TRY IT: Each line holding the string "pose" is to be copied from the data.

RECORDED DATA:
(* right semi-action m <| g G_0 = g_{m0,m} g |> m0 (independent of the
   representative g since G_0 fixes m0) *)
Definition rsemi (m : M) (C : coset) : M := act (@cs_gsel G R m * crep C) m0.

Definition rpre (e : coset) (A : set M) : set M := [set m | A (rsemi m e)].

Definition rsemiset (m : M) (E : set coset) : set M := rsemi m @` E.

Definition actset (g : G) (A : set M) : set M := act g @` A.

Definition interiorE (E : set coset) (A : set M) : set M :=
  [set m | rsemiset m E `<=` A].
Definition closureE (E : set coset) (A : set M) : set M :=
  [set m | rsemiset m E `&` A !=set0].
Definition boundaryE (E : set coset) (A : set M) : set M :=
  closureE E A `\` interiorE E A.

End CellSpaceDefs.

Definition ncard (T : Type) (A : set T) : nat :=
  #|` fset_set (A : set {classic T}) |.

Set Warnings "-notation-overridden,-notation-incompatible-prefix".
From mathcomp Require Import all_boot monoid.
From mathcomp Require Import finmap boolp classical_sets cardinality.
Local Open Scope classical_set_scope.

(* Changing the representative g of e multiplies g_{m0,m} g on the right by
   an element of G_0, which fixes m0; so m <| e is well defined and
   m <| G_0 = m.  For k in G, k g_{m0,m} = g_{m0,k m} h with h in G_0, hence
   k (m <| e) = (k m) <| (h . e).  When G_0 . E is contained in E, k thus maps
   the family (m <| e)_{e in E} into (k m <| e)_{e in E} (and k^-1 maps it
   back), which makes interior, closure and boundary equivariant. *)

Lemma ncard_le_seq {T : Type} {B : set T} {s : seq {classic T}} :
  (forall u, B u -> (u : {classic T}) \in s) ->
  finite_set B /\ (ncard B <= size s)%N.
Proof.
move=> Bs; have fB : finite_set B.
  by apply: (@sub_finite_set _ _ [set` s]); [exact: Bs | apply/finite_seqP; exists s].
split=> //; rewrite /ncard.
apply: leq_trans (fsubset_leq_card (_ : fset_set (B : set {classic T}) `<=` [fset u in s])%fset) _.
  by apply/fsubsetP => u; rewrite in_fset_set // !inE => /Bs.
by rewrite card_fseq size_undup.
Qed.

Lemma mem_enum_fset_set {T : Type} {S : set T} {x : T} :
  finite_set S -> S x -> (x : {classic T}) \in enum_fset (fset_set (S : set {classic T})).
Proof.
move=> fS Sx; change ((x : {classic T}) \in fset_set (S : set {classic T})).
by rewrite (in_fset_set (T := {classic T})) //; exact: mem_set.
Qed.

Lemma ncard_le_image3 {T1 T2 T3 U : Type} (F : T1 -> T2 -> T3 -> U)
    {S1 : set T1} {S2 : set T2} {S3 : set T3} {B : set U} :
  finite_set S1 -> finite_set S2 -> finite_set S3 ->
  (forall u, B u -> exists x y z, [/\ S1 x, S2 y, S3 z & u = F x y z]) ->
  finite_set B /\ (ncard B <= ncard S1 * ncard S2 * ncard S3)%N.
Proof.
move=> fS1 fS2 fS3 cover.
pose s1 := enum_fset (fset_set (S1 : set {classic T1})).
pose s2 := enum_fset (fset_set (S2 : set {classic T2})).
pose s3 := enum_fset (fset_set (S3 : set {classic T3})).
pose s23 := [seq (y, z) | y <- s2, z <- s3].
pose F' (x : {classic T1}) (p : {classic T2} * {classic T3}) : {classic U} := F x p.1 p.2.
have /ncard_le_seq : forall u, B u -> (u : {classic U}) \in [seq F' x p | x <- s1, p <- s23].
  move=> u /cover [x [y [z [S1x S2y S3z ->]]]].
  apply/allpairsP; exists (x, (y, z)); split=> //=; first exact: mem_enum_fset_set.
  by apply/allpairsP; exists (y, z); split=> //=; exact: mem_enum_fset_set.
by rewrite !size_allpairs mulnA.
Qed.

Local Open Scope group_scope.

Section CellSpaceTheory.
Context {G : groupType} {R : cell_space G}.
Local Notation M := (cs_M R).
Local Notation act := (@cs_act G R).
Local Notation m0 := (cs_m0 R).
Local Notation gsel := (@cs_gsel G R).

Lemma cs_actK g m : act g^-1 (act g m) = m.
Proof. by rewrite -cs_actM mulVg cs_act1. Qed.

Lemma cs_actKV g m : act g (act g^-1 m) = m.
Proof. by rewrite -cs_actM mulgV cs_act1. Qed.

Lemma crepP (C : coset R) : sval C = lcoset R (crep C).
Proof. by rewrite /crep; case: cid. Qed.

RESPONSE:
pose s1 := enum_fset (fset_set (S1 : set {classic T1})).
pose s2 := enum_fset (fset_set (S2 : set {classic T2})).
pose s3 := enum_fset (fset_set (S3 : set {classic T3})).
pose s23 := [seq (y, z) | y <- s2, z <- s3].
pose F' (x : {classic T1}) (p : {classic T2} * {classic T3}) : {classic U} := F x p.1 p.2.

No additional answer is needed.